Cannabis needs it's own category, neither annual or perrennial, Cannabis meets nature's demands, Cannabis would probably drop seed 10x a year and die and sprout and fruit every time if it was forced to follow along with nature's grand plan.

The never-ending flowering sativas--sativas know they can wait on pollen and wait some more. Animals, bees, things will bring the pollen. Mountainous indicas will not be far in growing from one another nor will their pollinators find difficulty in helping their population along.

People keep mother plants for decades, trimming the roots back down, repotting it.

Thai is probably the strong fast one of Cannabis. I doubt people will be talking about the gelato poop scooper fruity dingaling strains in 50 years.
 

Hmong

Well-known member
Veteran
call me a glass half full kinda guy, but the best Thai weed may have yet to come
that's how I see it too
in the end it's about traditional knowledge getting passed on.
with a legal environment, this should be at least be preserved if not grow exponentially.

there will be different grades of quality just like in the US
you gotta have the right connections to get the really good stuff, which just isn't commercially available for good reason. It's simply profit margins, even at a higher prices it's often hard to compete against the mass of chaff. I call it the McDonald's phenomenon, shure they could make better food, but as long as the masses buy, why change?
 

yesum

Well-known member
ICMag Donor
Veteran
The best mostly never left the native lands. Rare even there. My theory of why there is so little great landrace now. Very little at any time including the past. Mass production almost always degrades quality.
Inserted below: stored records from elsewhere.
(* Inverses: obtained from the Leibniz rule applied to F F^-1 = 1. *)
Lemma std_inv F G a a' b b' : F \in unitmx ->
  brackets F G (std a a' b b' F G) ->
  brackets (invmx F) G (std (- a') (- a) (- b') (- b) (invmx F) G).
Proof.
move=> Funit FG.
pose Z : tensor := fun i j k l => br (invmx F i j) (G k l).
have ZG : brackets (invmx F) G Z by [].
have FZ i j k l : \sum_p F i p * Z p j k l =
    - tensor_of (rmul_terms (std_terms a a' b b' F G) (invmx F)) i j k l.
  (* the entries of F F^-1 = 1 are constants *)
  have := brackets_mulmx FG ZG i j k l.
  rewrite mulmxV // mxE br_natl big_split /= tensor_of_rmul => /esym /eqP.
  by rewrite addr_eq0 => /eqP.
(* Multiplying by F^-1 on the left recovers the brackets of F^-1 itself. *)
move=> p j k l; rewrite -/(Z p j k l).
have -> : Z p j k l = \sum_i invmx F p i * \sum_q F i q * Z q j k l.
  have -> : Z p j k l = \sum_q (invmx F *m F) p q * Z q j k l.
    rewrite mulVmx // (bigD1 p) //= mxE eqxx mul1r big1 ?addr0 // => q /negbTE qp.
    by rewrite mxE eq_sym qp mul0r.
  under eq_bigr do rewrite mxE big_distrl.
  rewrite exchange_big; apply: eq_bigr => i _; rewrite big_distrr.
  by apply: eq_bigr => q _; exact: esym (mulrA _ _ _).
under eq_bigr do rewrite FZ mulrN.
rewrite sumrN tensor_of_lmul /std /std_terms /tensor_of /lmul_terms /rmul_terms /=.
rewrite !big_cons !big_nil /= !mulmxA !mulmx1 !mul1mx !mulVmx // !mulmxV //.
by rewrite !mulmxK // !mul1mx ?id_entry; ring.
Qed.

Lemma std_1add F G a b :
  brackets F G (std a (- a) b (- b) F G) ->
  brackets (1%:M + F) G (std a (- a) b (- b) (1%:M + F) G).
Proof.
move=> FG; apply: (brackets_ext (brackets_1add FG)) => i j k l.
by rewrite !std_entry !mulmxDl !mulmxDr !mulmx1 !mul1mx !mxE; ring.
Qed.

Lemma std_id G a b : brackets 1%:M G (std a (- a) b (- b) 1%:M G).
Proof.
by move=> i j k l; rewrite mxE br_natl std_entry !mulmx1 !mul1mx !id_entry; ring.
Qed.

Lemma std_swap F G a a' b b' :
  brackets F G (std a a' b b' F G) -> brackets G F (std (- a) b a' (- b') G F).
Proof. by move=> FG i j k l; rewrite br_antisym FG !std_entry; ring. Qed.

HB.instance Definition _ := Monoid.isLaw.Build ('M[A]_n) 1%:M mulmx
  (@mulmxA A n n n n) (@mul1mx A n n) (@mulmx1 A n n).

Lemma std_chain N F0 (g : 'I_N -> 'M[A]_n) G (alpha beta : nat -> A) a' b' :
  brackets F0 G (std (alpha 0) a' (beta 0) b' F0 G) ->
  (forall t : 'I_N, brackets (g t) G
     (std (alpha t.+1) (- alpha t) (beta t.+1) (- beta t) (g t) G)) ->
  brackets (F0 *m \big[mulmx/1%:M]_(t < N) g t) G
    (std (alpha N) a' (beta N) b' (F0 *m \big[mulmx/1%:M]_(t < N) g t) G).
Proof.
move=> F0G; elim: N g => [|N IHN] g gG; first by rewrite big_ord0 mulmx1.
rewrite big_ord_recr /= mulmxA.
exact: std_mul (IHN _ (fun t => gG (widen_ord (leqnSn N) t))) (gG ord_max).
Qed.

End BracketCalculus.

Ltac expand_terms := rewrite /std /std_terms /tensor_of /lmul_terms /rmul_terms
  /= !big_cons !big_nil /= ?id_entry.

(* We take n = n'.+1 so that row and
   column 0 exist; D_unit and E_unit are the invertibility conditions of
   M^bullet used to invert the factors of Phi, and 2 is invertible so that the
   halves in the bracket make sense. *)
Section Model.
Variables (A : comUnitRingType) (m n' : nat).
Local Notation n := n'.+1.
Variables (d : 'I_m -> nat) (X Y : 'I_m -> 'M[A]_n)
          (V : forall s : 'I_m, 'I_(d s) -> 'rV[A]_n)
          (W : forall s : 'I_m, 'I_(d s) -> 'cV[A]_n)
          (br : A -> A -> A).
Hypothesis two_unit : (2%:R : A) \is a GRing.unit.
Hypothesis hbr : antisym_biderivation br.
Hypothesis hgen : qP_brackets X Y V W br.
Hypothesis D_unit : forall p, (1%:M + Y p *m X p) \in unitmx.
Hypothesis E_unit : forall s (a : 'I_(d s)), (1%:M + W a *m V a) \in unitmx.

Local Notation h := (halfA : A).
Local Notation brackets := (brackets br).

(* 1 = 1/2 + 1/2: splits the unhalved terms of {X, Y} and {V, W}. *)
Lemma half_twice (x : A) : x = h * x + h * x.
Proof. by rewrite -mulrDl -mulr2n -mulr_natr mulVr ?mul1r. Qed.

Lemma dl_true : dl true = 1 :> A. Proof. by []. Qed.
Lemma dl_false : dl false = 0 :> A. Proof. by []. Qed.

Lemma eq_zpred (r s : 'I_m) : (s == zpred r) = (r == zsucc s).
Proof. by apply/eqP/eqP => [->|->]; [rewrite ord_predK | rewrite ordSK]. Qed.

Lemma eq_zsucc (r s : 'I_m) : (s == zsucc r) = (r == zpred s).
Proof. by apply/eqP/eqP => [->|->]; [rewrite ordSK | rewrite ord_predK]. Qed.

Lemma dl_subst (x y : 'I_m) (f : 'I_m -> A) :
  dl (x == y) * f y = dl (x == y) * f x.
Proof. by case: eqVneq => [->|_]; rewrite ?dl_false ?mul0r. Qed.

(* To treat V and W on the same footing as X and Y, the row V_(s,a) is padded
   into the n x n matrix whose row 0 is V_(s,a), and the column W_(s,a) into the
   one whose column 0 is W_(s,a); e00 is the matrix unit at (0,0). *)
Definition Vp s (a : 'I_(d s)) : 'M[A]_n :=
  \matrix_(i, j) (if i == ord0 then V a 0 j else 0).
Definition Wp s (a : 'I_(d s)) : 'M[A]_n :=
  \matrix_(i, j) (if j == ord0 then W a i 0 else 0).
Definition e00 : 'M[A]_n :=
  \matrix_(i, j) (if (i == ord0) && (j == ord0) then 1 else 0).

Lemma Vp_entry s (a : 'I_(d s)) i j : Vp a i j = if i == ord0 then V a 0 j else 0.
Proof. by rewrite mxE. Qed.

Lemma Wp_entry s (a : 'I_(d s)) i j : Wp a i j = if j == ord0 then W a i 0 else 0.
Proof. by rewrite mxE. Qed.

Lemma e00_entry i j : e00 i j = if (i == ord0) && (j == ord0) then 1 else 0.
Proof. by rewrite mxE. Qed.

Lemma Vp_mul_entry p s (a : 'I_(d s)) (M : 'M[A]_(n, p)) i j :
  (Vp a *m M) i j = if i == ord0 then (V a *m M) 0 j else 0.
Proof.
rewrite mxE; case: (eqVneq i ord0) => [->|/negbTE ni].
  by rewrite mxE; apply: eq_bigr => k _; rewrite mxE.
by rewrite big1 // => k _; rewrite mxE ni mul0r.
Qed.

Lemma mul_Wp_entry p s (a : 'I_(d s)) (M : 'M[A]_(p, n)) i j :
  (M *m Wp a) i j = if j == ord0 then (M *m W a) i 0 else 0.
Proof.
rewrite mxE; case: (eqVneq j ord0) => [->|/negbTE nj].
  by rewrite mxE; apply: eq_bigr => k _; rewrite mxE.
by rewrite big1 // => k _; rewrite mxE nj mulr0.
Qed.

Lemma sum_ord0 (f : 'I_n -> A) : (forall k, k != ord0 -> f k = 0) -> \sum_k f k = f ord0.
Proof. by move=> f0; rewrite (bigD1 ord0) //= big1 ?addr0. Qed.

Lemma WpVp s r (a : 'I_(d s)) (c : 'I_(d r)) : Wp a *m Vp c = W a *m V c.
Proof.
apply/matrixP => i j; rewrite !mxE big_ord1 sum_ord0 => [|k /negbTE nk].
  by rewrite !mxE !eqxx.
by rewrite !mxE nk mul0r.
Qed.

Lemma VpWp_entry s r (a : 'I_(d s)) (c : 'I_(d r)) i j :
  (Vp a *m Wp c) i j = if (i == ord0) && (j == ord0) then (V a *m W c) 0 0 else 0.
Proof. by rewrite Vp_mul_entry mul_Wp_entry; case: (i == ord0). Qed.

Lemma e00Vp s (a : 'I_(d s)) : e00 *m Vp a = Vp a.
Proof.
apply/matrixP => i j; rewrite !mxE sum_ord0 => [|k /negbTE nk].
  by rewrite !mxE !eqxx andbT; case: (i == ord0); rewrite ?mul1r ?mul0r.
by rewrite !mxE nk mulr0.
Qed.

Lemma Wpe00 s (a : 'I_(d s)) : Wp a *m e00 = Wp a.
Proof.
apply/matrixP => i j; rewrite !mxE sum_ord0 => [|k /negbTE nk].
  by rewrite !mxE !eqxx /=; case: (j == ord0); rewrite ?mulr1 ?mulr0.
by rewrite !mxE nk mul0r.
Qed.

Lemma WV_entry s r (a : 'I_(d s)) (c : 'I_(d r)) i l :
  (W a *m V c) i l = W a i 0 * V c 0 l.
Proof. by rewrite mxE big_ord1. Qed.

(* Where a padded
   matrix has a zero row or column the bracket vanishes since br 0 _ = 0. *)
Ltac split_generators := move=> i j k l;
  have [hXX [hYY [hXY [hXW [hXV [hYW [hYV [hVV [hWW hVW]]]]]]]]] := hgen.

Lemma br_X_X s r : brackets (X s) (X r)
  (tensor_of [:: (h * dl (r == zpred s), X r *m X s, 1%:M);
                 (- (h * dl (r == zsucc s)), 1%:M, X s *m X r)]).
Proof.
split_generators; rewrite hXX; expand_terms.
have /= E1 := dl_subst r (zpred s) (fun t => (X t *m X s) k j).
have /= E2 := dl_subst r (zsucc s) (fun t => (X s *m X t) i l).
by ring: E1 E2.
Qed.

Lemma br_Y_Y s r : brackets (Y s) (Y r)
  (tensor_of [:: (h * dl (r == zpred s), 1%:M, Y s *m Y r);
                 (- (h * dl (r == zsucc s)), Y r *m Y s, 1%:M)]).
Proof.
split_generators; rewrite hYY; expand_terms.
have /= E1 := dl_subst r (zpred s) (fun t => (Y s *m Y t) i l).
have /= E2 := dl_subst r (zsucc s) (fun t => (Y t *m Y s) k j).
by ring: E1 E2.
Qed.

(* The unhalved term d_kj d_il of {X, Y} is split into two halves. *)
Lemma br_X_Y s r : brackets (X s) (Y r)
  (tensor_of [:: (h * dl (r == s), 1%:M, 1%:M); (h * dl (r == s), 1%:M, 1%:M);
                 (h * dl (r == s), Y r *m X s, 1%:M);
                 (h * dl (r == s), 1%:M, X s *m Y r);
                 (- (h * dl (r == zpred s)), X s, Y r);
                 (h * dl (r == zsucc s), Y r, X s)]).
Proof.
split_generators; rewrite hXY; expand_terms.
rewrite {1}[dl (k == j) * dl (i == l)]half_twice.
have /= E3 := dl_subst r (zpred s) (fun t => Y t i l).
have /= E4 := dl_subst r (zsucc s) (fun t => Y t k j).
case: (eqVneq r s) => [rs|_]; rewrite ?dl_true ?dl_false; last by ring: E3 E4.
by subst r; ring: E3 E4.
Qed.

Lemma br_Y_X s r : brackets (Y s) (X r)
  (tensor_of [:: (- (h * dl (r == s)), 1%:M, 1%:M); (- (h * dl (r == s)), 1%:M, 1%:M);
                 (- (h * dl (r == s)), 1%:M, Y s *m X r);
                 (- (h * dl (r == s)), X r *m Y s, 1%:M);
                 (h * dl (r == zsucc s), Y s, X r);
                 (- (h * dl (r == zpred s)), X r, Y s)]).
Proof.
split_generators.
rewrite (br_antisym hbr) hXY (eq_zpred r s) (eq_zsucc r s) [s == r]eq_sym; expand_terms.
rewrite [dl (i == l) * dl (k == j)]half_twice.
have /= E3 := dl_subst r (zsucc s) (fun t => Y (zpred t) k j); rewrite ordSK in E3.
have /= E4 := dl_subst r (zpred s) (fun t => Y (zsucc t) i l); rewrite ord_predK in E4.
case: (eqVneq r s) => [rs|_]; rewrite ?dl_true ?dl_false; last by ring: E3 E4.
by subst r; ring: E3 E4.
Qed.
Lemma tri_relC adj e f : tri_rel adj e f = tri_rel adj f e.
Proof.
rewrite /tri_rel eq_sym; have -> : [set f.1; f.2; e.1; e.2] = [set e.1; e.2; f.1; f.2].
  by apply/setP => x; rewrite !inE; do 4 case: (x == _).
by [].
Qed.

Lemma tri_rel_revl adj e f : e != f -> rev_edge e != f ->
  tri_rel adj (rev_edge e) f = tri_rel adj e f.
Proof.
move=> ef ref; rewrite /tri_rel ef ref.
have -> : [set (rev_edge e).1; (rev_edge e).2; f.1; f.2] = [set e.1; e.2; f.1; f.2].
  by apply/setP => x; rewrite !inE /=; do 4 case: (x == _).
by [].
Qed.

Lemma hcoefC (R : numDomainType) adj e f : hcoef R adj e f = hcoef R adj f e.
Proof.
rewrite /hcoef eq_sym tri_relC /lr_rel /pm_rel /Defs.head /Defs.tail.
case: eqP => [->|_] //.
by rewrite (orbC (e.2 == f.1)) (eq_sym e.2 f.2) (eq_sym e.1 f.1).
Qed.

Lemma hcoef_revl (R : numDomainType) adj e f : distinct_edges e f ->
  hcoef R adj (rev_edge e) f = - hcoef R adj e f.
Proof.
case/and4P=> ee ff ef ref; rewrite /hcoef (negbTE ef) (negbTE ref).
rewrite tri_rel_revl // lr_rel_revl pm_rel_revl.
case: (tri_rel adj e f); rewrite ?andbF ?oppr0 // !andbT.
have := lr_pm_rel_excl ee ff.
by case: (lr_rel e f); case: (pm_rel e f); rewrite //= ?opprK ?oppr0.
Qed.

End EdgeRelations.

Section Orientation.
Variables (R : numDomainType) (V : finType) (adj o : rel V).
Implicit Types (e f : V * V).

Definition orient e := if o e.1 e.2 then e else rev_edge e.
Definition orient_sign e : R := if o e.1 e.2 then 1 else -1.

Lemma orient_sign_sqr e : orient_sign e * orient_sign e = 1.
Proof. by rewrite /orient_sign; case: ifP; rewrite ?mulr1 ?mulrNN ?mulr1. Qed.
Also, the very stimulating and sometimes scary lines, were just too much for most people to handle.
 

xet

Active member
since you would select for yield, yes of course

again, it's supply and demand.
us here, we are freaks asking for that special, but your average customer doesn't even know it exists.
no reason to go the landrace route commercially
Even if they tried it they still wouldn't know it exists.

Babylon programs the public to get in line.

They could sip the finest orange juice on earth and then sip that orange-colored corn syrup Sunny D crap and tell you with a straight face they both taste exactly the same.
 

yesum

Well-known member
ICMag Donor
Veteran
Even if they tried it they still wouldn't know it exists.

Babylon programs the public to get in line.

They could sip the finest orange juice on earth and then sip that orange-colored corn syrup Sunny D crap and tell you with a straight face they both taste exactly the same.


I was laughing at that. Too true. Either they would not know what a gem they had, or as I said, it would make them feel uneasy. The truth hurts I guess.